(* Let $f,f',g\in\mathbb{S}(\mathcal{H})$ with $f\ne-g$, $f'\ne-g$ and $d_{\mathbb{S}}(f,g)\le\frac\pi2$. Let $f_t=\Gamma(g,f,t)$ and $f'_t=\Gamma(g,f',t)$. Then $d_{\mathbb{S}}(f_t,f'_t)\le 2\,d_{\mathbb{S}}(f,f')$ for every $t\in[0,1]$.
   Context: $\mathcal{H}$ is a finite-dimensional complex Hermitian space (in the paper, the space of polynomial systems $H_{d_1}\times\dots\times H_{d_n}$ with the Weyl inner product), $\mathbb{S}(\mathcal{H})$ its unit sphere with the angular distance $d_{\mathbb{S}}(x,y)\in[0,\pi]$, $\cos d_{\mathbb{S}}(x,y)=\mathrm{Re}\langle x,y\rangle$. For $f\ne-g$ and $\alpha=d_{\mathbb{S}}(f,g)\in[0,\pi)$, $\Gamma(g,f,t)=\frac{\sin((1-t)\alpha)}{\sin\alpha}g+\frac{\sin(t\alpha)}{\sin\alpha}f$ (and $\Gamma(g,f,t)=g$ if $\alpha=0$) is the geodesic from $g$ to $f$. *)

(* R : realType, the complex field is R[i] (mathcomp-real-closed),
   the finite-dimensional Hermitian space is C^n = 'rV[R[i]]_n. *)
From HB Require Import structures.
From mathcomp Require Import all_boot all_order all_algebra.
From mathcomp Require Import all_classical all_reals all_analysis.
From mathcomp Require Import complex.
Set Implicit Arguments. Unset Strict Implicit. Unset Printing Implicit Defensive.
Import Order.TTheory GRing.Theory Num.Theory.
Local Open Scope ring_scope.

Section Defs.
Context {R : realType} {n : nat}.
Local Open Scope complex_scope.

Definition hdot (x y : 'rV[R[i]]_n) : R[i] := \sum_(i < n) x ord0 i * (y ord0 i)^*.

Definition on_sphere (x : 'rV[R[i]]_n) : Prop := complex.Re (hdot x x) = 1.

Definition dS (x y : 'rV[R[i]]_n) : R := acos (complex.Re (hdot x y)).

Definition Gamma (g f : 'rV[R[i]]_n) (t : R) : 'rV[R[i]]_n :=
  let a := dS f g in
  if a == 0 then g
  else ((sin ((1 - t) * a) / sin a)%:C *: g + (sin (t * a) / sin a)%:C *: f).
End Defs.

From HB Require Import structures.
From mathcomp Require Import all_boot all_order all_algebra.
From mathcomp Require Import all_classical all_reals all_analysis.
From mathcomp Require Import complex.
From mathcomp Require Import ring lra.
Import Order.TTheory GRing.Theory Num.Theory.
Local Open Scope ring_scope.

(* Let [a, b] be the distances from [g] to [f, f'].  Projecting [f, f'] onto
   the tangent space at [g] and applying Cauchy-Schwarz gives a spherical law
   of cosines [<f, f'> = cos a cos b + sin a sin b c] with [|c| <= 1], and
   [f_t, f'_t] obey the same law with [t a, t b] and the same [c].  Such an
   expression [X] satisfies
   [1 - X = (1 + c)/2 (1 - cos (a - b)) + (1 - c)/2 (1 - cos (a + b))], so the
   claim reduces to [1 - cos (t x) <= 2 (1 - cos x)] for [|x| <= 3 pi / 2]. *)

Section SphericalTrigonometry.
Context {R : realType}.

Lemma spherical_cos_split (a b c : R) :
  cos a * cos b + sin a * sin b * c
  = (1 + c) / 2 * cos (a - b) + (1 - c) / 2 * cos (a + b).
Proof. by rewrite cosB cosD; field. Qed.

Lemma spherical_cos_bound (a b c : R) : -1 <= c <= 1 ->
  -1 <= cos a * cos b + sin a * sin b * c <= 1.
Proof.
move=> /andP[c0 c1]; rewrite spherical_cos_split.
have := cos_le1 (a - b); have := cos_le1 (a + b).
have := cos_geN1 (a - b); have := cos_geN1 (a + b).
by move=> *; apply/andP; split; nra.
Qed.

Lemma one_sub_cos_mul_le_nonneg (x t : R) :
  0 <= x <= pi + pi / 2 -> 0 <= t <= 1 -> 1 - cos (t * x) <= 2 * (1 - cos x).
Proof.
move=> /andP[x0 x1] /andP[t0 t1]; have pi0 := @pi_gt0 R.
have [x_le_pi|pi_lt_x] := lerP x pi.
  have cos_le : cos x <= cos (t * x).
    rewrite leNgt ltr_cos -?leNgt; first nra.
      by rewrite in_itv /=; apply/andP; split; nra.
    by rewrite in_itv /=; apply/andP; split; nra.
  have := cos_le1 x; lra.
have cos_le0 : cos x <= 0.
  have -> : x = (x - pi) + pi by ring.
  by rewrite cosDpi oppr_le0 cos_ge0_pihalf //; apply/andP; split; lra.
have := cos_geN1 (t * x); lra.
Qed.

Lemma one_sub_cos_mul_le (x t : R) :
  - (pi + pi / 2) <= x <= pi + pi / 2 -> 0 <= t <= 1 ->
  1 - cos (t * x) <= 2 * (1 - cos x).
Proof.
move=> /andP[x0 x1] ht; have [x_ge0|x_lt0] := lerP 0 x.
  by apply: one_sub_cos_mul_le_nonneg => //; apply/andP; split.
rewrite -cosN -(cosN x) -mulrN.
by apply: one_sub_cos_mul_le_nonneg => //; apply/andP; split; lra.
Qed.

(* If [X < 0] then [2 * acos X > pi >= acos Y]; otherwise
   [cos (2 * acos X) = 2 X^2 - 1 <= 2 X - 1 <= Y]. *)
Lemma acos_le_double (X Y : R) : -1 <= X <= 1 -> -1 <= Y <= 1 ->
  1 - Y <= 2 * (1 - X) -> acos Y <= 2 * acos X.
Proof.
move=> hX hY hXY; have pi0 := @pi_gt0 R.
have [[/andP[X0 Xpi] cX] [/andP[Y0 Ypi] cY]] := (acos_def hX, acos_def hY).
rewrite leNgt; apply/negP => lt_double.
have cos_double : cos (2 * acos X) = 2 * X ^+ 2 - 1.
  rewrite mulr2n mulrDl mul1r cosD cX.
  by have := cos2Dsin2 (acos X); rewrite cX; lra.
have : cos (acos Y) < cos (2 * acos X).
  by rewrite ltr_cos // in_itv /=; apply/andP; split; lra.
rewrite cY cos_double => Y_lt; have X_lt0 : X < 0 by nra.
have : 0 <= cos (acos X) by apply: cos_ge0_pihalf; apply/andP; split; lra.
lra.
Qed.

Lemma spherical_acos_le (a b c t : R) : 0 <= a <= pi / 2 -> 0 <= b <= pi ->
  -1 <= c <= 1 -> 0 <= t <= 1 ->
  acos (cos (t * a) * cos (t * b) + sin (t * a) * sin (t * b) * c)
  <= 2 * acos (cos a * cos b + sin a * sin b * c).
Proof.
move=> /andP[a0 a1] /andP[b0 b1] hc ht; have pi0 := @pi_gt0 R.
have /andP[c0 c1] := hc.
apply: acos_le_double; rewrite ?spherical_cos_bound //.
rewrite !spherical_cos_split -mulrBr -mulrDr.
(* [a <= pi / 2] is what keeps [a + b] within the range of [one_sub_cos_mul_le]. *)
have le_sub := @one_sub_cos_mul_le (a - b) t.
have le_add := @one_sub_cos_mul_le (a + b) t.
have /le_sub/(_ ht) : - (pi + pi / 2) <= a - b <= pi + pi / 2.
  by apply/andP; split; lra.
have /le_add/(_ ht) : - (pi + pi / 2) <= a + b <= pi + pi / 2.
  by apply/andP; split; lra.
have w1 : 0 <= (1 + c) / 2 by lra.
have w2 : 0 <= (1 - c) / 2 by lra.
nra.
Qed.

Lemma sqr_le_unit_scale (x p : R) : 0 <= p -> x ^+ 2 <= p ^+ 2 ->
  exists2 c, -1 <= c <= 1 & x = p * c.
Proof.
move=> p0 le_sqr; have [p_eq0|pn0] := eqVneq p 0.
  move: le_sqr; rewrite p_eq0 expr0n /= => le0.
  exists 0; first lra.
  by apply/eqP; rewrite mulr0 -sqrf_eq0 eq_le sqr_ge0 andbT.
have p_gt0 : 0 < p by rewrite lt_def pn0.
exists (x / p); last by rewrite mulrC divfK.
have : (x / p) ^+ 2 <= 1 by rewrite expr_div_n ler_pdivrMr ?exprn_gt0 ?mul1r.
by move=> ?; apply/andP; split; nra.
Qed.

Lemma sin_acos_sqr (x : R) : -1 <= x <= 1 -> sin (acos x) ^+ 2 = 1 - x ^+ 2.
Proof.
move=> hx; rewrite sin_acos // sqr_sqrtr // subr_ge0.
by have /andP[? ?] := hx; nra.
Qed.

End SphericalTrigonometry.

Section RealInnerProduct.
Context {R : realType} {n : nat}.
Implicit Types (x y z : 'rV[R[i]]_n) (r : R).

Definition rdot x y : R := complex.Re (hdot x y).

Lemma dSE x y : dS x y = acos (rdot x y).
Proof. by []. Qed.

Lemma Re_mul_conj (u v : R[i]) :
  complex.Re (u * (v^*)%C) = complex.Re u * complex.Re v + complex.Im u * complex.Im v.
Proof. by case: u => a b; case: v => c d /=; ring. Qed.

Lemma rdotE x y : rdot x y = \sum_(j < n) (complex.Re (x ord0 j) * complex.Re (y ord0 j)
                                          + complex.Im (x ord0 j) * complex.Im (y ord0 j)).
Proof.
rewrite /rdot /hdot; elim/big_rec2: _ => [//|j s u _ <-].
by rewrite -Re_mul_conj; case: (x ord0 j * _) => a b; case: u.
Qed.

Lemma rdotC x y : rdot x y = rdot y x.
Proof. by rewrite !rdotE; apply: eq_bigr => j _; ring. Qed.

Lemma rdotDl x y z : rdot (x + y) z = rdot x z + rdot y z.
Proof.
rewrite !rdotE -big_split; apply: eq_bigr => j _ /=.
by rewrite !mxE; case: (x ord0 j) => ? ?; case: (y ord0 j) => ? ? /=; ring.
Qed.

Lemma rdotZl r x z : rdot (r%:C%C *: x) z = r * rdot x z.
Proof.
rewrite !rdotE mulr_sumr; apply: eq_bigr => j _ /=.
by rewrite !mxE; case: (x ord0 j) => ? ? /=; ring.
Qed.

Lemma rdotDr x y z : rdot z (x + y) = rdot z x + rdot z y.
Proof. by rewrite rdotC rdotDl !(rdotC z). Qed.

Lemma rdotZr r x z : rdot z (r%:C%C *: x) = r * rdot z x.
Proof. by rewrite rdotC rdotZl rdotC. Qed.

Lemma rdot0r x : rdot x 0 = 0.
Proof. by rewrite rdotE big1 // => j _; rewrite mxE /=; ring. Qed.

Lemma rdot_ge0 x : 0 <= rdot x x.
Proof. by rewrite rdotE; apply: sumr_ge0 => j _; rewrite addr_ge0 // -expr2 sqr_ge0. Qed.

Lemma rdot_eq0 x : (rdot x x == 0) = (x == 0).
Proof.
apply/idP/eqP => [|->]; last by rewrite rdot0r.
rewrite rdotE psumr_eq0; last first.
  by move=> j _; rewrite addr_ge0 // -expr2 sqr_ge0.
move=> /allP x0; apply/rowP => j; rewrite !mxE.
have /x0 /= /eqP : j \in index_enum 'I_n by rewrite mem_index_enum.
case: (x ord0 j) => a b /= hab.
have a0 : a = 0 by nra.
have b0 : b = 0 by nra.
by rewrite a0 b0.
Qed.

Lemma rdot_Cauchy_Schwarz x y : rdot x y ^+ 2 <= rdot x x * rdot y y.
Proof.
have [y0|yn0] := eqVneq (rdot y y) 0.
  by move/eqP: y0; rewrite rdot_eq0 => /eqP ->; rewrite !rdot0r expr0n mulr0.
have y_gt0 : 0 < rdot y y by rewrite lt_def yn0 rdot_ge0.
set r := - rdot x y / rdot y y.
have := mulr_ge0 (ltW y_gt0) (rdot_ge0 (x + r%:C%C *: y)).
rewrite rdotDl !rdotDr !rdotZl !rdotZr (rdotC y x).
have -> : rdot y y * (rdot x x + r * rdot x y + (r * rdot x y + r * (r * rdot y y)))
   = rdot x x * rdot y y - rdot x y ^+ 2 by rewrite /r; field.
lra.
Qed.

End RealInnerProduct.

Section UnitSphere.
Context {R : realType} {n : nat}.
Context {g : 'rV[R[i]]_n} (g_unit : rdot g g = 1).

Lemma unit_rdot_bound {f : 'rV[R[i]]_n} : rdot f f = 1 -> -1 <= rdot f g <= 1.
Proof.
move=> f_unit; have := rdot_Cauchy_Schwarz f g; rewrite f_unit g_unit mul1r => h.
by apply/andP; split; nra.
Qed.

Lemma unit_rdot_gtN1 {f : 'rV[R[i]]_n} : rdot f f = 1 -> f != - g -> -1 < rdot f g.
Proof.
move=> f_unit f_neq; have /andP[ge _] := unit_rdot_bound f_unit.
rewrite lt_def ge andbT; apply: contra f_neq => /eqP fg.
have : rdot (f + g) (f + g) == 0.
  by rewrite rdotDl !rdotDr (rdotC g f) f_unit g_unit; apply/eqP; lra.
by rewrite rdot_eq0 addr_eq0.
Qed.

Definition tangent (f : 'rV[R[i]]_n) := f + (- rdot f g)%:C%C *: g.

Lemma rdot_tangent (f f' : 'rV[R[i]]_n) :
  rdot (tangent f) (tangent f') = rdot f f' - rdot f g * rdot f' g.
Proof. by rewrite /tangent rdotDl !rdotDr !rdotZl !rdotZr g_unit (rdotC g f'); ring. Qed.

Lemma tangent_orthogonal (f : 'rV[R[i]]_n) : rdot (tangent f) g = 0.
Proof. by rewrite /tangent rdotDl rdotZl g_unit; ring. Qed.

Lemma tangent_rdot_sqr_le (f f' : 'rV[R[i]]_n) : rdot f f = 1 -> rdot f' f' = 1 ->
  (rdot f f' - rdot f g * rdot f' g) ^+ 2 <= (1 - rdot f g ^+ 2) * (1 - rdot f' g ^+ 2).
Proof.
move=> f_unit f'_unit; rewrite -rdot_tangent.
have := rdot_Cauchy_Schwarz (tangent f) (tangent f').
by rewrite !rdot_tangent f_unit f'_unit !expr2.
Qed.

Lemma Gamma_tangentE {f : 'rV[R[i]]_n} (t : R) : rdot f f = 1 -> f != - g ->
  exists2 B, Gamma g f t = (cos (t * dS f g))%:C%C *: g + B%:C%C *: tangent f
           & B * sin (dS f g) = sin (t * dS f g).
Proof.
move=> f_unit f_neq; rewrite /Gamma; set a := dS f g.
have [a0|an0] := eqVneq a 0.
  exists 0; last by rewrite a0 mulr0 sin0 mul0r.
  by rewrite a0 mulr0 cos0 rmorph1 rmorph0 scale1r scale0r addr0.
have hf := unit_rdot_bound f_unit.
have [/andP[a_ge0 _] cos_a] := acos_def hf.
have a_ltpi : a < pi by apply: acos_ltpi; rewrite unit_rdot_gtN1 //; case/andP: hf.
have sin_a : 0 < sin a by apply: sin_gt0_pi; rewrite a_ltpi lt_def an0 a_ge0.
exists (sin (t * a) / sin a); last by rewrite divfK ?gt_eqF.
rewrite /tangent scalerDr scalerA -rmorphM addrCA -scalerDl -rmorphD addrC.
congr (_ *: g + _); congr (_%:C%C).
have -> : (1 - t) * a = a - t * a by ring.
by rewrite sinB -[rdot f g]cos_a; field; rewrite gt_eqF.
Qed.

Lemma rdot_Gamma_spherical {f f' : 'rV[R[i]]_n} (t : R) :
  rdot f f = 1 -> rdot f' f' = 1 -> f != - g -> f' != - g ->
  exists2 c, -1 <= c <= 1 &
    rdot f f' = cos (dS f g) * cos (dS f' g) + sin (dS f g) * sin (dS f' g) * c /\
    rdot (Gamma g f t) (Gamma g f' t)
    = cos (t * dS f g) * cos (t * dS f' g) + sin (t * dS f g) * sin (t * dS f' g) * c.
Proof.
move=> f_unit f'_unit f_neq f'_neq; set a := dS f g; set b := dS f' g.
have hf := unit_rdot_bound f_unit; have hf' := unit_rdot_bound f'_unit.
have cos_a : cos a = rdot f g by rewrite acosK // in_itv.
have cos_b : cos b = rdot f' g by rewrite acosK // in_itv.
have sin_a : 0 <= sin a by apply/sin_ge0_pi/andP; split; [exact: acos_ge0|exact: acos_lepi].
have sin_b : 0 <= sin b by apply/sin_ge0_pi/andP; split; [exact: acos_ge0|exact: acos_lepi].
have [c hc eq_c] : exists2 c, -1 <= c <= 1 &
    rdot f f' - rdot f g * rdot f' g = sin a * sin b * c.
  apply: sqr_le_unit_scale; first exact: mulr_ge0.
  by rewrite exprMn !sin_acos_sqr //; apply: tangent_rdot_sqr_le.
exists c => //; split; first by rewrite -eq_c cos_a cos_b; ring.
have [B -> sinB] := Gamma_tangentE t f_unit f_neq.
have [B' -> sinB'] := Gamma_tangentE t f'_unit f'_neq.
rewrite !rdotDl !rdotDr !rdotZl !rdotZr g_unit tangent_orthogonal.
by rewrite (rdotC g) tangent_orthogonal rdot_tangent eq_c -sinB -sinB'; ring.
Qed.

End UnitSphere.

Theorem lemma2p5 (R : realType) (n : nat) (f f' g : 'rV[R[i]]_n) (t : R) :
  on_sphere f -> on_sphere f' -> on_sphere g ->
  f != - g -> f' != - g ->
  dS f g <= pi / 2 ->
  0 <= t <= 1 ->
  dS (Gamma g f t) (Gamma g f' t) <= 2 * dS f f'.
Proof.
move=> f_unit f'_unit g_unit f_neq f'_neq a_le ht.
have [c hc [eq_ff' eq_Gamma]] := rdot_Gamma_spherical g_unit t f_unit f'_unit f_neq f'_neq.
rewrite !dSE eq_Gamma eq_ff'.
have /acos_def[/andP[a_ge0 _] _] := unit_rdot_bound g_unit f_unit.
have /acos_def[b_bound _] := unit_rdot_bound g_unit f'_unit.
by apply: spherical_acos_le => //; apply/andP.
Qed.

════

▸ **EXERCISE**
For this exercise, please copy exactly the lines of the material above from its first line through the line where "(* R : realType, the" appears.

▸ **RESULT BELOW**
(* Let $f,f',g\in\mathbb{S}(\mathcal{H})$ with $f\ne-g$, $f'\ne-g$ and $d_{\mathbb{S}}(f,g)\le\frac\pi2$. Let $f_t=\Gamma(g,f,t)$ and $f'_t=\Gamma(g,f',t)$. Then $d_{\mathbb{S}}(f_t,f'_t)\le 2\,d_{\mathbb{S}}(f,f')$ for every $t\in[0,1]$.
   Context: $\mathcal{H}$ is a finite-dimensional complex Hermitian space (in the paper, the space of polynomial systems $H_{d_1}\times\dots\times H_{d_n}$ with the Weyl inner product), $\mathbb{S}(\mathcal{H})$ its unit sphere with the angular distance $d_{\mathbb{S}}(x,y)\in[0,\pi]$, $\cos d_{\mathbb{S}}(x,y)=\mathrm{Re}\langle x,y\rangle$. For $f\ne-g$ and $\alpha=d_{\mathbb{S}}(f,g)\in[0,\pi)$, $\Gamma(g,f,t)=\frac{\sin((1-t)\alpha)}{\sin\alpha}g+\frac{\sin(t\alpha)}{\sin\alpha}f$ (and $\Gamma(g,f,t)=g$ if $\alpha=0$) is the geodesic from $g$ to $f$. *)

(* R : realType, the complex field is R[i] (mathcomp-real-closed),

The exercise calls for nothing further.